What is required:
Beginning with the first line of the material, set down each line exactly as written, up to and including the line with "(* ?[T1..Tn].S *)".

•••

(* Let $T$ and $Q$ be session types and $X$ a type variable. If $S \in \mathrm{Sub}_{BU}(T[Q/X])$, then either $S = S'[Q/X]$ for some $S' \in \mathrm{Sub}_{BU}(T)$, or $S \in \mathrm{Sub}_{BU}(Q)$.
   Context: Session types (possibly containing free variables) are given by the grammar $T ::= \mathsf{end} \mid X \mid \mu X.T \mid {?}[T_1,\dots,T_n].S \mid {!}[T_1,\dots,T_n].S \mid \&\langle l_1:T_1,\dots,l_n:T_n\rangle \mid \oplus\langle l_1:T_1,\dots,l_n:T_n\rangle$ (input, output, branch, select), where $X$ ranges over type variables and $l_i$ over labels. Types are identified up to $\alpha$-conversion of bound variables, and all substitutions $T[Q/X]$ (replacing free occurrences of $X$ in $T$ by $Q$) are capture-avoiding. The set of bottom-up subterms $\mathrm{Sub}_{BU}(T)$ is defined by recursion on $T$: $\mathrm{Sub}_{BU}(\mathsf{end}) = \{\mathsf{end}\}$; $\mathrm{Sub}_{BU}(X) = \{X\}$; $\mathrm{Sub}_{BU}(\mu X.T') = \{\mu X.T'\} \cup \{S[\mu X.T'/X] \mid S \in \mathrm{Sub}_{BU}(T')\}$; $\mathrm{Sub}_{BU}(\&\langle l_i:T_i\rangle_{i}) = \{\&\langle l_i:T_i\rangle_i\} \cup \bigcup_i \mathrm{Sub}_{BU}(T_i)$, and likewise for $\oplus$; $\mathrm{Sub}_{BU}({?}[T_1,\dots,T_n].S) = \{{?}[T_1,\dots,T_n].S\} \cup \bigcup_i \mathrm{Sub}_{BU}(T_i) \cup \mathrm{Sub}_{BU}(S)$, and likewise for ${!}$. *)

(* Session types in pure de Bruijn representation:
   alpha-equivalence is syntactic equality; free type variables are the
   indices not bound by an enclosing mu; substitution is parallel,
   capture-avoiding substitution. *)
From Stdlib Require Import List Arith.
Import ListNotations.

Definition label := nat.

Inductive stype : Type :=
  | SEnd : stype
  | SVar : nat -> stype
  | SMu : stype -> stype                      (* mu X. T  (binds index 0 in T) *)
  | SIn : list stype -> stype -> stype        (* ?[T1..Tn].S *)
  | SOut : list stype -> stype -> stype       (* ![T1..Tn].S *)
  | SBranch : list (label * stype) -> stype
  | SSelect : list (label * stype) -> stype.

Definition up_ren (xi : nat -> nat) (n : nat) : nat :=
  match n with 0 => 0 | S m => S (xi m) end.

Fixpoint ren (xi : nat -> nat) (T : stype) : stype :=
  match T with
  | SEnd => SEnd
  | SVar n => SVar (xi n)
  | SMu T' => SMu (ren (up_ren xi) T')
  | SIn ts U0 => SIn (map (ren xi) ts) (ren xi U0)
  | SOut ts U0 => SOut (map (ren xi) ts) (ren xi U0)
  | SBranch bs => SBranch (map (fun p => (fst p, ren xi (snd p))) bs)
  | SSelect bs => SSelect (map (fun p => (fst p, ren xi (snd p))) bs)
  end.

Definition up_sub (sigma : nat -> stype) (n : nat) : stype :=
  match n with 0 => SVar 0 | S m => ren S (sigma m) end.

Fixpoint subst (sigma : nat -> stype) (T : stype) : stype :=
  match T with
  | SEnd => SEnd
  | SVar n => sigma n
  | SMu T' => SMu (subst (up_sub sigma) T')
  | SIn ts U0 => SIn (map (subst sigma) ts) (subst sigma U0)
  | SOut ts U0 => SOut (map (subst sigma) ts) (subst sigma U0)
  | SBranch bs => SBranch (map (fun p => (fst p, subst sigma (snd p))) bs)
  | SSelect bs => SSelect (map (fun p => (fst p, subst sigma (snd p))) bs)
  end.

(* T[Q/X] where X is the free variable with index x: replace X by Q,
   leave every other variable unchanged. *)
Definition single (x : nat) (Q : stype) (n : nat) : stype :=
  if Nat.eqb n x then Q else SVar n.

Definition substX (T : stype) (Q : stype) (x : nat) : stype :=
  subst (single x Q) T.

(* S'[mu X.T'/X] for S' living under the binder of mu X.T':
   index 0 := mu X.T', other indices decremented (they refer to the
   outer context). *)
Definition unfold_sub (U : stype) (n : nat) : stype :=
  match n with 0 => U | S m => SVar m end.

Fixpoint SubBU (T : stype) : stype -> Prop :=
  match T with
  | SEnd => fun V => V = SEnd
  | SVar n => fun V => V = SVar n
  | SMu T' => fun V =>
      V = SMu T' \/
      exists S', SubBU T' S' /\ V = subst (unfold_sub (SMu T')) S'
  | SIn ts U => fun V =>
      V = SIn ts U \/
      (fix go (l : list stype) : Prop :=
         match l with [] => False | t :: l' => SubBU t V \/ go l' end) ts \/
      SubBU U V
  | SOut ts U => fun V =>
      V = SOut ts U \/
      (fix go (l : list stype) : Prop :=
         match l with [] => False | t :: l' => SubBU t V \/ go l' end) ts \/
      SubBU U V
  | SBranch bs => fun V =>
      V = SBranch bs \/
      (fix go (l : list (label * stype)) : Prop :=
         match l with [] => False | p :: l' => SubBU (snd p) V \/ go l' end) bs
  | SSelect bs => fun V =>
      V = SSelect bs \/
      (fix go (l : list (label * stype)) : Prop :=
         match l with [] => False | p :: l' => SubBU (snd p) V \/ go l' end) bs
  end.

(* Substitution can be inverted on bottom-up subterms: a bottom-up subterm of
   [subst sigma T] is either [subst sigma] applied to a bottom-up subterm of [T],
   or a bottom-up subterm of some [sigma n] with [SVar n] itself a bottom-up
   subterm of [T] (free variables of [T] are among its bottom-up subterms).
   The only interesting case is [mu]: unfolding commutes with substitution, and
   the shifted [sigma n] met under the binder is handled by the same inversion
   for renamings.  The theorem is the instance [sigma = single x Q]. *)
From Stdlib Require Import List Arith.
Import ListNotations.

Section StypeInd.
Variable P : stype -> Prop.
Hypothesis HEnd : P SEnd.
Hypothesis HVar : forall n, P (SVar n).
Hypothesis HMu : forall T, P T -> P (SMu T).
Hypothesis HIn : forall ts U, (forall t, In t ts -> P t) -> P U -> P (SIn ts U).
Hypothesis HOut : forall ts U, (forall t, In t ts -> P t) -> P U -> P (SOut ts U).
Hypothesis HBranch : forall bs, (forall p, In p bs -> P (snd p)) -> P (SBranch bs).
Hypothesis HSelect : forall bs, (forall p, In p bs -> P (snd p)) -> P (SSelect bs).

Fixpoint stype_nested_ind (T : stype) : P T :=
  let fix all_types (l : list stype) : Forall P l :=
    match l with
    | [] => Forall_nil P
    | t :: l' => Forall_cons t (stype_nested_ind t) (all_types l')
    end in
  let fix all_branches (l : list (label * stype)) : Forall (fun p => P (snd p)) l :=
    match l with
    | [] => Forall_nil _
    | p :: l' => Forall_cons p (stype_nested_ind (snd p)) (all_branches l')
    end in
  match T with
  | SEnd => HEnd
  | SVar n => HVar n
  | SMu T' => HMu T' (stype_nested_ind T')
  | SIn ts U => HIn ts U (proj1 (Forall_forall _ _) (all_types ts)) (stype_nested_ind U)
  | SOut ts U => HOut ts U (proj1 (Forall_forall _ _) (all_types ts)) (stype_nested_ind U)
  | SBranch bs => HBranch bs (proj1 (Forall_forall _ _) (all_branches bs))
  | SSelect bs => HSelect bs (proj1 (Forall_forall _ _) (all_branches bs))
  end.
End StypeInd.

Ltac map_cases :=
  rewrite ?map_map; apply map_ext_in; intros; simpl; solve [auto | f_equal; auto].

Lemma ren_ext T xi zeta : (forall n, xi n = zeta n) -> ren xi T = ren zeta T.
Proof.
  revert xi zeta; induction T using stype_nested_ind; intros xi zeta Hxz;
    simpl; f_equal; auto.
  1: apply IHT; intros [|n]; simpl; auto.
  all: map_cases.
Qed.

Lemma subst_ext T s t : (forall n, s n = t n) -> subst s T = subst t T.
Proof.
  revert s t; induction T using stype_nested_ind; intros s t Hst; simpl; f_equal; auto.
  1: apply IHT; intros [|n]; simpl; auto; now rewrite Hst.
  all: map_cases.
Qed.

Lemma ren_ren T xi zeta : ren xi (ren zeta T) = ren (fun n => xi (zeta n)) T.
Proof.
  revert xi zeta; induction T using stype_nested_ind; intros xi zeta; simpl; f_equal; auto.
  1: rewrite IHT; apply ren_ext; intros [|n]; reflexivity.
  all: map_cases.
Qed.

Lemma ren_subst T xi s : ren xi (subst s T) = subst (fun n => ren xi (s n)) T.
Proof.
  revert xi s; induction T using stype_nested_ind; intros xi s; simpl; f_equal; auto.
  1: rewrite IHT; apply subst_ext; intros [|n]; simpl; auto;
     rewrite !ren_ren; apply ren_ext; reflexivity.
  all: map_cases.
Qed.

Lemma subst_ren T xi s : subst s (ren xi T) = subst (fun n => s (xi n)) T.
Proof.
  revert xi s; induction T using stype_nested_ind; intros xi s; simpl; f_equal; auto.
  1: rewrite IHT; apply subst_ext; intros [|n]; reflexivity.
  all: map_cases.
Qed.

Lemma subst_subst T s t : subst s (subst t T) = subst (fun n => subst s (t n)) T.
Proof.
  revert s t; induction T using stype_nested_ind; intros s t; simpl; f_equal; auto.
  1: rewrite IHT; apply subst_ext; intros [|n]; simpl; auto;
     rewrite subst_ren, ren_subst; apply subst_ext; reflexivity.
  all: map_cases.
Qed.

Lemma subst_id T : subst SVar T = T.
Proof.
  induction T using stype_nested_ind; simpl; f_equal; auto.
  1: rewrite <- IHT at 2; apply subst_ext; intros [|n]; reflexivity.
  1, 2: rewrite <- (map_id ts) at 2; apply map_ext_in; auto.
  all: rewrite <- (map_id bs) at 2; apply map_ext_in; intros [l U] Hin; simpl;
    f_equal; exact (H _ Hin).
Qed.

(* Written so that the list recursions inside [SubBU] are convertible to
   instances of it. *)
Definition any {A : Type} (P : A -> Prop) : list A -> Prop :=
  fix go (l : list A) : Prop :=
    match l with [] => False | a :: l' => P a \/ go l' end.

Lemma any_exists {A : Type} (P : A -> Prop) (l : list A) : any P l <-> exists2 a, In a l & P a.
Proof.
  induction l as [|a l IH]; simpl.
  - split; [tauto | intros [? []]].
  - rewrite IH; split.
    + intros [Ha | [b Hb HPb]]; eauto.
    + intros [b [<- | Hb] HPb]; eauto.
Qed.

Lemma SubBU_SIn ts U V : SubBU (SIn ts U) V <->
  V = SIn ts U \/ (exists2 t, In t ts & SubBU t V) \/ SubBU U V.
Proof.
  change (SubBU (SIn ts U) V) with (V = SIn ts U \/ any (fun t => SubBU t V) ts \/ SubBU U V).
  now rewrite any_exists.
Qed.

Lemma SubBU_SOut ts U V : SubBU (SOut ts U) V <->
  V = SOut ts U \/ (exists2 t, In t ts & SubBU t V) \/ SubBU U V.
Proof.
  change (SubBU (SOut ts U) V) with (V = SOut ts U \/ any (fun t => SubBU t V) ts \/ SubBU U V).
  now rewrite any_exists.
Qed.

Lemma SubBU_SBranch bs V : SubBU (SBranch bs) V <->
  V = SBranch bs \/ exists2 p, In p bs & SubBU (snd p) V.
Proof.
  change (SubBU (SBranch bs) V) with (V = SBranch bs \/ any (fun p => SubBU (snd p) V) bs).
  now rewrite any_exists.
Qed.

Lemma SubBU_SSelect bs V : SubBU (SSelect bs) V <->
  V = SSelect bs \/ exists2 p, In p bs & SubBU (snd p) V.
Proof.
  change (SubBU (SSelect bs) V) with (V = SSelect bs \/ any (fun p => SubBU (snd p) V) bs).
  now rewrite any_exists.
Qed.

Lemma SubBU_refl T : SubBU T T.
Proof. destruct T; simpl; auto. Qed.

Lemma unfold_sub_shift U V : subst (unfold_sub U) (ren S V) = V.
Proof. rewrite subst_ren; apply subst_id. Qed.

Lemma unfold_sub_ren xi T V :
  subst (unfold_sub (ren xi (SMu T))) (ren (up_ren xi) V)
  = ren xi (subst (unfold_sub (SMu T)) V).
Proof. rewrite subst_ren, ren_subst; apply subst_ext; intros [|n]; reflexivity. Qed.

Lemma unfold_sub_subst sigma T V :
  subst (unfold_sub (subst sigma (SMu T))) (subst (up_sub sigma) V)
  = subst sigma (subst (unfold_sub (SMu T)) V).
Proof.
  rewrite !subst_subst; apply subst_ext; intros [|n]; simpl; auto.
  apply unfold_sub_shift.
Qed.

Lemma SubBU_ren_inv xi Q V :
  SubBU (ren xi Q) V -> exists2 V', SubBU Q V' & V = ren xi V'.
Proof.
  revert xi V; induction Q using stype_nested_ind; intros xi V HV.
  - exists SEnd; [reflexivity | exact HV].
  - exists (SVar n); [reflexivity | exact HV].
  - destruct HV as [-> | [V0 [HV0 ->]]]; [exists (SMu Q); [apply SubBU_refl | reflexivity]|].
    destruct (IHQ _ _ HV0) as [V1 HV1 ->].
    exists (subst (unfold_sub (SMu Q)) V1); [simpl; eauto | apply unfold_sub_ren].
  - apply SubBU_SIn in HV as [-> | [[t' Ht' HV] | HV]].
    + exists (SIn ts Q); [apply SubBU_refl | reflexivity].
    + apply in_map_iff in Ht' as [t [<- Ht]].
      destruct (H t Ht _ _ HV) as [V' HV' ->]; exists V'; auto.
      apply SubBU_SIn; eauto.
    + destruct (IHQ _ _ HV) as [V' HV' ->]; exists V'; auto.
      apply SubBU_SIn; auto.
  - apply SubBU_SOut in HV as [-> | [[t' Ht' HV] | HV]].
    + exists (SOut ts Q); [apply SubBU_refl | reflexivity].
    + apply in_map_iff in Ht' as [t [<- Ht]].
      destruct (H t Ht _ _ HV) as [V' HV' ->]; exists V'; auto.
      apply SubBU_SOut; eauto.
    + destruct (IHQ _ _ HV) as [V' HV' ->]; exists V'; auto.
      apply SubBU_SOut; auto.
  - apply SubBU_SBranch in HV as [-> | [p' Hp' HV]].
    + exists (SBranch bs); [apply SubBU_refl | reflexivity].
    + apply in_map_iff in Hp' as [p [<- Hp]].
      destruct (H p Hp _ _ HV) as [V' HV' ->]; exists V'; auto.
      apply SubBU_SBranch; eauto.
  - apply SubBU_SSelect in HV as [-> | [p' Hp' HV]].
    + exists (SSelect bs); [apply SubBU_refl | reflexivity].
    + apply in_map_iff in Hp' as [p [<- Hp]].
      destruct (H p Hp _ _ HV) as [V' HV' ->]; exists V'; auto.
      apply SubBU_SSelect; eauto.
Qed.

Definition subst_origin (sigma : nat -> stype) (T V : stype) : Prop :=
  (exists2 V', SubBU T V' & V = subst sigma V') \/
  (exists2 n, SubBU T (SVar n) & SubBU (sigma n) V).

Lemma subst_origin_mono sigma t T V :
  (forall W, SubBU t W -> SubBU T W) -> subst_origin sigma t V -> subst_origin sigma T V.
Proof. intros Hsub [[V' HV' ->] | [n Hn HV]]; [left | right]; eauto. Qed.

Lemma subst_origin_self sigma T : subst_origin sigma T (subst sigma T).
Proof. left; exists T; [apply SubBU_refl | reflexivity]. Qed.

Lemma SubBU_subst_inv sigma T V : SubBU (subst sigma T) V -> subst_origin sigma T V.
Proof.
  revert sigma V; induction T using stype_nested_ind; intros sigma V HV.
  - left; exists SEnd; [reflexivity | exact HV].
  - right; exists n; [reflexivity | exact HV].
  - destruct HV as [-> | [V0 [HV0 ->]]]; [apply (subst_origin_self sigma (SMu T))|].
    (* Index [0] of [up_sub sigma] is the bound variable, [S n] is [sigma n] shifted. *)
    destruct (IHT _ _ HV0) as [[V1 HV1 ->] | [[|n] Hn HV]].
    + left; exists (subst (unfold_sub (SMu T)) V1); [simpl; eauto | apply unfold_sub_subst].
    + simpl in HV; subst V0; apply (subst_origin_self sigma (SMu T)).
    + destruct (SubBU_ren_inv _ _ _ HV) as [V1 HV1 ->].
      right; exists n; [simpl; right; now exists (SVar (S n)) | now rewrite unfold_sub_shift].
  - apply SubBU_SIn in HV as [-> | [[t' Ht' HV] | HV]]; [apply subst_origin_self| |].
    + apply in_map_iff in Ht' as [t [<- Ht]].
      apply (subst_origin_mono sigma t); auto; intros; apply SubBU_SIn; eauto.
    + apply (subst_origin_mono sigma T); auto; intros; apply SubBU_SIn; auto.
  - apply SubBU_SOut in HV as [-> | [[t' Ht' HV] | HV]]; [apply subst_origin_self| |].
    + apply in_map_iff in Ht' as [t [<- Ht]].
      apply (subst_origin_mono sigma t); auto; intros; apply SubBU_SOut; eauto.
    + apply (subst_origin_mono sigma T); auto; intros; apply SubBU_SOut; auto.
  - apply SubBU_SBranch in HV as [-> | [p' Hp' HV]]; [apply subst_origin_self|].
    apply in_map_iff in Hp' as [p [<- Hp]].
    apply (subst_origin_mono sigma (snd p)); auto; intros; apply SubBU_SBranch; eauto.
  - apply SubBU_SSelect in HV as [-> | [p' Hp' HV]]; [apply subst_origin_self|].
    apply in_map_iff in Hp' as [p [<- Hp]].
    apply (subst_origin_mono sigma (snd p)); auto; intros; apply SubBU_SSelect; eauto.
Qed.

Theorem mainTheorem2 (T Q : stype) (x : nat) (S : stype) :
  SubBU (substX T Q x) S ->
  (exists S', SubBU T S' /\ S = substX S' Q x) \/ SubBU Q S.
Proof.
  intros HS; destruct (SubBU_subst_inv _ _ _ HS) as [[S' HS' ->] | [n Hn HQ]].
  - left; exists S'; auto.
  - unfold single in HQ; destruct (Nat.eqb_spec n x) as [-> | Hnx]; [now right|].
    left; exists (SVar n); split; [exact Hn|].
    simpl in HQ; subst S; unfold substX, single; simpl.
    now rewrite (proj2 (Nat.eqb_neq n x) Hnx).
Qed.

•••

Answer for this exercise:
(* Let $T$ and $Q$ be session types and $X$ a type variable. If $S \in \mathrm{Sub}_{BU}(T[Q/X])$, then either $S = S'[Q/X]$ for some $S' \in \mathrm{Sub}_{BU}(T)$, or $S \in \mathrm{Sub}_{BU}(Q)$.
   Context: Session types (possibly containing free variables) are given by the grammar $T ::= \mathsf{end} \mid X \mid \mu X.T \mid {?}[T_1,\dots,T_n].S \mid {!}[T_1,\dots,T_n].S \mid \&\langle l_1:T_1,\dots,l_n:T_n\rangle \mid \oplus\langle l_1:T_1,\dots,l_n:T_n\rangle$ (input, output, branch, select), where $X$ ranges over type variables and $l_i$ over labels. Types are identified up to $\alpha$-conversion of bound variables, and all substitutions $T[Q/X]$ (replacing free occurrences of $X$ in $T$ by $Q$) are capture-avoiding. The set of bottom-up subterms $\mathrm{Sub}_{BU}(T)$ is defined by recursion on $T$: $\mathrm{Sub}_{BU}(\mathsf{end}) = \{\mathsf{end}\}$; $\mathrm{Sub}_{BU}(X) = \{X\}$; $\mathrm{Sub}_{BU}(\mu X.T') = \{\mu X.T'\} \cup \{S[\mu X.T'/X] \mid S \in \mathrm{Sub}_{BU}(T')\}$; $\mathrm{Sub}_{BU}(\&\langle l_i:T_i\rangle_{i}) = \{\&\langle l_i:T_i\rangle_i\} \cup \bigcup_i \mathrm{Sub}_{BU}(T_i)$, and likewise for $\oplus$; $\mathrm{Sub}_{BU}({?}[T_1,\dots,T_n].S) = \{{?}[T_1,\dots,T_n].S\} \cup \bigcup_i \mathrm{Sub}_{BU}(T_i) \cup \mathrm{Sub}_{BU}(S)$, and likewise for ${!}$. *)

(* Session types in pure de Bruijn representation:
   alpha-equivalence is syntactic equality; free type variables are the
   indices not bound by an enclosing mu; substitution is parallel,
   capture-avoiding substitution. *)
From Stdlib Require Import List Arith.
Import ListNotations.

Definition label := nat.

Inductive stype : Type :=
  | SEnd : stype
  | SVar : nat -> stype
  | SMu : stype -> stype                      (* mu X. T  (binds index 0 in T) *)
  | SIn : list stype -> stype -> stype        (* ?[T1..Tn].S *)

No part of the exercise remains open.